2010-12-11

[メモ]MinGW/MSYS 環境で Kyoto Cabinet Core & Java バインディングをビルドする

Posted on 2010-12-11, 2:26 in
本家から Windows 版がでた今となっては全く不要な記事となりましたが、せっかく書いたので残しておきます。

対象バージョン


1. 準備

Kyoto Cabinet のビルドを始める前に、依存ライブラリ regex と zlib をビルド&インストールする必要があります。

1.1 regex のビルド・インストール

上記 URL からダウンロードした regex の tarball を展開し、展開先ディレクトリにて
$ ./configure
$ make
 を実行します。make が終わったら、スタティックな libregex.a を作るため、
$ rm libregex.a
$ ar rcs libregex.a regex.o
 とします。その後、
$ make install
を実行し、regex のビルド・インストールは完了です。

1.2 zlib のビルド・インストール

zlib の tarball を展開した先のディレクトリにて、
$ make -f win32/Makefile.gcc
とし、Windows/gcc 環境用の Makefile を用いて make します。インストールの際は以下のように、事前に INCLUDE_PATH、LIBRARY_PATH の環境変数を定義する必要があります。
$ export INCLUDE_PATH=/usr/local/include
$ export LIBRARY_PATH=/usr/local/lib
$ make -f win32/Makefile.gcc install
以上で準備は完了です。

2. Kyoto Cabinet core library のビルド・インストール

g++ に渡すオプションを、以下のとおり定義します。
$ export CPPFLAGS=-D_WIN32_WINNT=0x0501
あとは、kyotocabinet の tarball 展開先ディレクトリにて、
$ ./configure
$ make
$ make check
$ make install
として、ビルド&インストールが完了します。

3. Kyoto Cabinet Java バインディングのビルド・インストール

3.1 準備

Kyoto Cabinet Java バインディングをビルドする前に、JDK をインストールした先のディレクトリの情報を MSYS の fstab ファイルに追記する必要があります。
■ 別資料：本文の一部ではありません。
Lemma exists_inv_succ_lt (t : R) : 0 < t -> exists m : nat, / (INR m + 1) < t.
Proof.
  intros Ht. destruct (archimed_cor1 t Ht) as [N [HN HN0]].
  exists N. eapply Rle_lt_trans; [|exact HN].
  apply Rinv_le_contravar; [apply lt_0_INR; lia | lra].
Qed.

Lemma finite_uniform_gap (g : nat -> R) (r : R) (M : nat) :
  (forall j, (j < M)%nat -> r < g j) ->
  exists eta, 0 < eta /\ forall j, (j < M)%nat -> r + eta < g j.
Proof.
  induction M as [|M IH]; intros H.
  - exists 1. split; [lra | intros; lia].
  - destruct IH as [eta [Heta Hgap]]. { intros j Hj. apply H. lia. }
    assert (HM : r < g M) by (apply H; lia).
    exists (Rmin eta ((g M - r) / 2)). split; [apply Rmin_pos; lra|].
    intros j Hj. pose proof (Rmin_l eta ((g M - r) / 2)).
    pose proof (Rmin_r eta ((g M - r) / 2)).
    destruct (Nat.eq_dec j M) as [->|Hne]; [lra|].
    specialize (Hgap j ltac:(lia)). lra.
Qed.

Lemma list_max_ge (l : list nat) (n : nat) : In n l -> (n <= list_max l)%nat.
Proof.
  intros Hn. pose proof (proj1 (list_max_le l _) (le_n _)) as H.
  rewrite Forall_forall in H. auto.
Qed.

Lemma list_choice {A B : Type} (P : A -> B -> Prop) (l : list A) :
  (forall a, In a l -> exists b, P a b) ->
  exists l', length l' = length l /\ forall a, In a l -> exists b, In b l' /\ P a b.
Proof.
  induction l as [|a l IH]; intros H.
  - exists nil. split; [reflexivity | intros a []].
  - destruct (H a (or_introl eq_refl)) as [b Hb].
    destruct IH as [l' [Hlen Hl']]. { intros a' Ha'. apply H. right. exact Ha'. }
    exists (b :: l'). split; [simpl; congruence|].
    intros a' [<-|Ha']; [exists b; split; [left; reflexivity | exact Hb]|].
    destruct (Hl' a' Ha') as [b' [Hb' HP]]. exists b'. split; [right|]; assumption.
Qed.

Lemma not_eventually (P : nat -> Prop) :
  ~ (exists k0, forall k, (k0 <= k)%nat -> P k) ->
  forall k0, exists k, (k0 <= k)%nat /\ ~ P k.
Proof.
  intros H k0. apply NNPP. intros Hno. apply H. exists k0. intros k Hk.
  apply NNPP. intros HPk. apply Hno. eauto.
Qed.

Section Metric.
Variable X : MetricSpace.

Lemma mdist_nonneg (x y : X) : 0 <= mdist x y.
Proof.
  pose proof (mdist_tri X x y x) as H.
  rewrite mdist_refl, (mdist_sym X y x) in H. lra.
Qed.

Lemma is_open_oball (c : X) (s : R) : is_open X (oball X c s).
Proof.
  intros x Hx. unfold oball in *. exists (s - mdist c x). split; [lra|].
  intros y Hy. pose proof (mdist_tri X c x y). lra.
Qed.

Lemma is_open_and_prop (Q : Prop) (U : X -> Prop) :
  is_open X U -> is_open X (fun z => Q /\ U z).
Proof.
  intros HU x [HQ Hx]. destruct (HU x Hx) as [e [He Hball]].
  exists e. split; [exact He|]. intros y Hy. split; [exact HQ | auto].
Qed.

Lemma is_open_const (Q : Prop) : is_open X (fun _ => Q).
Proof. intros x HQ. exists 1. split; [lra | auto]. Qed.

Lemma is_open_dist_gt (q : X) (t : R) : is_open X (fun z => t < mdist q z).
Proof.
  intros x Hx. exists (mdist q x - t). split; [lra|].
  intros y Hy. pose proof (mdist_tri X q y x).
  rewrite (mdist_sym X y x) in H. lra.
Qed.

Lemma closure_incl (A : X -> Prop) (y : X) : A y -> closure X A y.
Proof. intros Hy e He. exists y. rewrite mdist_refl. auto. Qed.

Lemma closure_oball_cball (z : X) (Rad : R) (y : X) :
  closure X (oball X z Rad) y -> cball X z Rad y.
Proof.
  intros H. apply Rnot_lt_le. intros Hlt.
  destruct (H (mdist z y - Rad)) as [w [Hw Hd]]; [lra|].
  unfold oball in Hw. pose proof (mdist_tri X z w y). lra.
Qed.

Lemma covered_closed_of_open (A : X -> Prop) (r : R) (l : list X) :
  covered_open X A r l -> covered_closed X A r l.
Proof.
  intros Hl a Ha. destruct (Hl a Ha) as [c [Hc Hd]].
  exists c. split; [exact Hc | lra].
Qed.

Lemma covered_open_of_closed (A : X -> Prop) (s r : R) (l : list X) :
  s < r -> covered_closed X A s l -> covered_open X A r l.
Proof.
  intros Hsr Hl a Ha. destruct (Hl a Ha) as [c [Hc Hd]].
  exists c. split; [exact Hc | lra].
Qed.

Lemma covered_open_of_compact (K A : X -> Prop) (r : R) :
  0 < r -> compact_set X K -> (forall a, A a -> K a) ->
  exists l, covered_open X A r l.
Proof.
  intros Hr HK HAK. destruct (HK X (fun c => oball X c r)) as [l Hl].
  - intros c. apply is_open_oball.
  - intros a _. exists a. unfold oball. rewrite mdist_refl. exact Hr.
  - exists l. intros a Ha. exact (Hl a (HAK a Ha)).
Qed.

Lemma covered_closed_of_compact (K A : X -> Prop) (r : R) :
  0 < r -> compact_set X K -> (forall a, A a -> K a) ->
  exists l, covered_closed X A r l.
Proof.
  intros Hr HK HAK. destruct (covered_open_of_compact K A r Hr HK HAK) as [l Hl].
  exists l. exact (covered_closed_of_open A r l Hl).
Qed.

Lemma covered_closed_near_centres (A : X -> Prop) (z : X) (Rad r : R)
    (l : list X) :
  (forall a, A a -> cball X z Rad a) -> covered_closed X A r l ->
  exists l', (length l' <= length l)%nat /\ covered_closed X A r l' /\
    forall c, In c l' -> cball X z (Rad + r) c.
Proof.
  intros HA Hl.
  exists (filter (fun c => if Rle_dec (mdist z c) (Rad + r) then true else false) l).
  split; [apply filter_length_le | split].
  - intros a Ha. destruct (Hl a Ha) as [c [Hc Hd]].
    exists c. split; [|exact Hd]. apply filter_In. split; [exact Hc|].
    destruct Rle_dec as [|Hfar]; [reflexivity|]. exfalso. apply Hfar.
    specialize (HA a Ha). unfold cball in HA.
    pose proof (mdist_tri X z a c). rewrite (mdist_sym X a c) in H. lra.
  - intros c Hc. apply filter_In in Hc as [_ Hc].
    destruct Rle_dec; [assumption | discriminate].
Qed.

Lemma min_cover_epsilon (cov : list X -> Prop) :
  (exists l, cov l) ->
  is_min_cover X cov (epsilon (inhabits 0%nat) (is_min_cover X cov)).
Proof.
  intros [l Hl]. apply epsilon_spec.
  set (P := fun n => exists l, cov l /\ length l = n).
  destruct (dec_inh_nat_subset_has_unique_least_element P (fun n => classic (P n)))
    as [N [[HN Hmin] _]].
  { exists (length l), l. auto. }
  exists N. split; [exact HN|]. intros l' Hl'. apply Hmin. exists l'. auto.
Qed.

Lemma n_open_attained (A : X -> Prop) (r : R) :
  (exists l, covered_open X A r l) ->
  exists l, covered_open X A r l /\ length l = n_open X A r.
Proof. intros H. exact (proj1 (min_cover_epsilon _ H)). Qed.

Lemma n_closed_attained (A : X -> Prop) (r : R) :
  (exists l, covered_closed X A r l) ->
  exists l, covered_closed X A r l /\ length l = n_closed X A r.
Proof. intros H. exact (proj1 (min_cover_epsilon _ H)). Qed.

Lemma n_open_le_length (A : X -> Prop) (r : R) (l : list X) :
  covered_open X A r l -> (n_open X A r <= length l)%nat.
Proof. intros Hl. exact (proj2 (min_cover_epsilon _ (ex_intro _ l Hl)) l Hl). Qed.

Lemma n_closed_le_length (A : X -> Prop) (r : R) (l : list X) :
  covered_closed X A r l -> (n_closed X A r <= length l)%nat.
Proof. intros Hl. exact (proj2 (min_cover_epsilon _ (ex_intro _ l Hl)) l Hl). Qed.

(** Lebesgue-number argument; with [g := fun _ => 0] it says that a cover
    of the compact set [K] itself has a margin. *)
Lemma compact_cover_margin (K : X -> Prop) (g : X -> R) (t r : R) (l : list X) :
  compact_set X K -> (forall s, is_open X (fun y => s < g y)) ->
  covered_open X (fun y => K y /\ g y <= t) r l ->
  exists delta, 0 < delta /\
    covered_open X (fun y => K y /\ g y <= t + delta) (r - delta) l.
Proof.
  intros HK Hg Hl.
  pose (U := fun i : (X * nat) + nat => match i with
    | inl (c, m) => fun y => In c l /\ oball X c (r - / (INR m + 1)) y
    | inr m => fun y => t + / (INR m + 1) < g y end).
  pose (idx := fun i : (X * nat) + nat => match i with inl (_, m) => m | inr m => m end).
  destruct (HK _ U) as [L HL].
  - intros [[c m]|m]; [apply is_open_and_prop, is_open_oball | apply Hg].
  - intros y Hy. destruct (Rle_dec (g y) t) as [Hle|Hgt].
    + destruct (Hl y (conj Hy Hle)) as [c [Hc Hd]].
      destruct (exists_inv_succ_lt (r - mdist c y)) as [m Hm]; [lra|].
      exists (inl (c, m)). split; [exact Hc | unfold oball; lra].
    + destruct (exists_inv_succ_lt (g y - t)) as [m Hm]; [lra|].
      exists (inr m). simpl. lra.
  - exists (/ (INR (list_max (map idx L)) + 1)). split; [apply inv_succ_pos|].
    intros y [Hy Hgy]. destruct (HL y Hy) as [i [Hi HUi]].
    pose proof (inv_succ_antitone _ _ (list_max_ge _ _ (in_map idx L i Hi))) as Hmax.
    destruct i as [[c m]|m]; simpl in HUi, Hmax.
    + destruct HUi as [Hc Hd]. unfold oball in Hd. exists c. split; [exact Hc | lra].
    + lra.
Qed.

Lemma compact_cluster_point (K : X -> Prop) (a : nat -> X) :
  compact_set X K -> (forall n, K (a n)) ->
  exists y, forall e, 0 < e -> forall N, exists n, (N <= n)%nat /\ mdist (a n) y < e.
Proof.
  intros HK Ha. apply NNPP. intros Hno.
  assert (Hfar : forall y, exists e N,
             0 < e /\ forall n, (N <= n)%nat -> e <= mdist (a n) y).
  { intros y. apply NNPP. intros H1. apply Hno. exists y. intros e He N.
    apply NNPP. intros H2. apply H1. exists e, N. split; [exact He|].
    intros n Hn. apply Rnot_lt_le. intros H3. apply H2. eauto. }
  pose (U := fun i : X * R * nat => let '(y, e, N) := i in fun z =>
     (0 < e /\ forall n, (N <= n)%nat -> e <= mdist (a n) y) /\ oball X y e z).
  destruct (HK _ U) as [L HL].
  - intros [[y e] N]. apply is_open_and_prop, is_open_oball.
  - intros z _. destruct (Hfar z) as [e [N [He HN]]]. exists (z, e, N).
    split; [auto | unfold oball; rewrite mdist_refl; exact He].
  - set (n := list_max (map snd L)).
    destruct (HL (a n) (Ha n)) as [[[y e] N] [Hi [[He HN] Hd]]].
    pose proof (list_max_ge _ _ (in_map snd L _ Hi)) as HNn.
    specialize (HN n HNn). unfold oball in Hd. rewrite mdist_sym in HN. lra.
Qed.

(** The index map [phi] only satisfies [n <= phi n]; it need not be monotone,
    which is all that the extraction of convergent tuples below requires. *)
Lemma compact_convergent_subseq (K : X -> Prop) (a : nat -> X) :
  compact_set X K -> (forall n, K (a n)) ->
  exists (y : X) (phi : nat -> nat), (forall n, (n <= phi n)%nat) /\
    forall e, 0 < e -> exists N, forall n, (N <= n)%nat -> mdist (a (phi n)) y < e.
Proof.
  intros HK Ha. destruct (compact_cluster_point K a HK Ha) as [y Hy].
  destruct (choice (fun n m => (n <= m)%nat /\ mdist (a m) y < / (INR n + 1)))
    as [phi Hphi].
  { intros n. apply Hy, inv_succ_pos. }
  exists y, phi. split; [apply Hphi|].
  intros e He. destruct (exists_inv_succ_lt e He) as [N HN]. exists N.
  intros n Hn. pose proof (proj2 (Hphi n)). pose proof (inv_succ_antitone N n Hn). lra.
Qed.

Lemma compact_convergent_subseq_tuple (K : X -> Prop) (c : nat -> nat -> X) (M : nat) :
  compact_set X K -> (forall m j, K (c m j)) ->
  exists (y : nat -> X) (phi : nat -> nat), (forall n, (n <= phi n)%nat) /\
    forall e, 0 < e -> exists N, forall n, (N <= n)%nat ->
      forall j, (j < M)%nat -> mdist (c (phi n) j) (y j) < e.
Proof.
  intros HK Hc. induction M as [|M IH].
  - exists (c O), (fun n => n). split; [auto|]. intros e He. exists O. intros; lia.
  - destruct IH as [y [phi [Hphi Hy]]].
    destruct (compact_convergent_subseq K (fun n => c (phi n) M) HK (fun n => Hc _ M))
      as [yM [psi [Hpsi HyM]]].
    exists (fun j => if Nat.eqb j M then yM else y j), (fun n => phi (psi n)).
    split; [intros n; specialize (Hphi (psi n)); specialize (Hpsi n); lia|].
    intros e He. destruct (Hy e He) as [N1 H1]. destruct (HyM e He) as [N2 H2].
    exists (Nat.max N1 N2). intros n Hn j Hj.
    destruct (Nat.eqb_spec j M) as [->|Hne].
    + apply H2. lia.
    + apply H1; [specialize (Hpsi n); lia | lia].
Qed.

Definition approx_covered_closed (A : X -> Prop) (r : R) (cs : nat -> list X) : Prop :=
  forall a, A a -> forall eta, 0 < eta -> exists m0, forall m, (m0 <= m)%nat ->
    exists c, In c (cs m) /\ mdist c a <= r + eta.

Lemma covered_closed_of_approx (K A : X -> Prop) (r : R) (cs : nat -> list X)
    (M : nat) :
  compact_set X K -> (forall m c, In c (cs m) -> K c) ->
  (forall m, (length (cs m) <= M)%nat) -> approx_covered_closed A r cs ->
  exists l, (length l <= M)%nat /\ covered_closed X A r l.
Proof.
  intros HK HcsK Hlen Happrox.
  destruct (classic (exists x0, K x0)) as [[x0 Hx0]|HK0].
  2:{ exists nil. split; [simpl; lia|]. intros a Ha.
      destruct (Happrox a Ha 1 Rlt_0_1) as [m0 Hm0].
      destruct (Hm0 m0 (le_n _)) as [c [Hc _]]. exfalso. eauto. }
  pose (c := fun m j => nth j (cs m) x0).
  destruct (compact_convergent_subseq_tuple K c M HK) as [y [phi [Hphi Hy]]].
  { intros m j. unfold c. destruct (nth_in_or_default j (cs m) x0) as [Hin | ->];
      [exact (HcsK m _ Hin) | exact Hx0]. }
  exists (map y (seq 0 M)). split; [rewrite length_map, length_seq; lia|].
  intros a Ha.
  destruct (classic (exists j, (j < M)%nat /\ mdist (y j) a <= r)) as [[j [Hj Hd]]|Hno].
  { exists (y j). split; [apply in_map, in_seq; lia | exact Hd]. }
  exfalso.
  destruct (finite_uniform_gap (fun j => mdist (y j) a) r M) as [eta [Heta Hgap]].
  { intros j Hj. apply Rnot_le_lt. intros Hd. apply Hno. eauto. }
  destruct (Happrox a Ha (eta / 2)) as [m0 Hm0]; [lra|].
  destruct (Hy (eta / 2)) as [N HN]; [lra|].
  set (n := Nat.max m0 N).
  destruct (Hm0 (phi n)) as [c0 [Hc0 Hd0]]; [specialize (Hphi n); lia|].
  destruct (In_nth (cs (phi n)) c0 x0 Hc0) as [j [Hj Hnth]].
  assert (HjM : (j < M)%nat) by (specialize (Hlen (phi n)); lia).
  specialize (HN n ltac:(lia) j HjM). unfold c in HN. rewrite Hnth in HN.
  specialize (Hgap j HjM). simpl in Hgap.
  pose proof (mdist_tri X (y j) c0 a). rewrite (mdist_sym X c0 (y j)) in HN. lra.
Qed.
fstab ファイルは、(MinGW のインストールルート)\msys\1.0\etc ディレクトリに配置されています。以下は、"C:\Program Files\Java" ディレクトリに JDK をインストールした場合の追記内容の例です。
C:\Progra~1\Java\jdk1.6.0_18 /java
上記のように、JDK をインストールした先のパスの途中に空白を含むディレクトリが存在する場合、チルダ ~ を使ってそのディレクトリ名を表記する必要があるようです(ダブルクォーテーションで括っても、MSYS は認識してくれません)。

3.2 ビルド&インストール

./configure を実行する前に、環境変数 JAVA_HOME を定義し (直し) ます。
$ export JAVA_HOME=/java
JAVA_HOME を定義したら kyotocabinet-java の tarball 展開先で
$ ./configure
とします。./configure が完了したら、出力された Makefile を一部修正します。以下のようにターゲット libjkyotocabinet.so.$(LIBVER).$(LIBREV).0 の内容に、jkyotocabinet.dll を生成するためのコマンドを追記します。
libjkyotocabinet.so.$(LIBVER).$(LIBREV).0 : $(LIBOBJFILES)
 $(CXX) $(CXXFLAGS) -shared -Wl,-soname,libjkyotocabinet.so.$(LIBVER) -o $@ \
   $(LIBOBJFILES) $(LDFLAGS) $(LIBS)
 ##### 以下の2行を追記する #####
 $(CXX) $(CXXFLAGS) -shared -Wl,--kill-at -Wl,-soname,jkyotocabinet.dll -o jkyotocabinet.dll \
   $(LIBOBJFILES) $(LDFLAGS) $(LIBS)
本来なら CPPFLAGS などの環境変数で解決したい内容なのですが、何故か kyotocabinet-java の ./configure では環境変数が反映されないようなので、やむを得ずこのような work around をしています。さて、Makefile の編集が終わったところで、
$ make
$ make check
とします。なお、make check は
make DBNAME="*" RNUM="10000" check-each
のテストの実行時にエラーになってしまうようです。この問題はまだ解消できていませんが、普通に利用する分には支障はないのかな、と思います。

後は、生成された jkyotocabinet.dll と kyotocabinet.jar を利用すれば、Windows 上でも Java から Kyoto Cabinet が使えるようになることでしょう(試していません…)。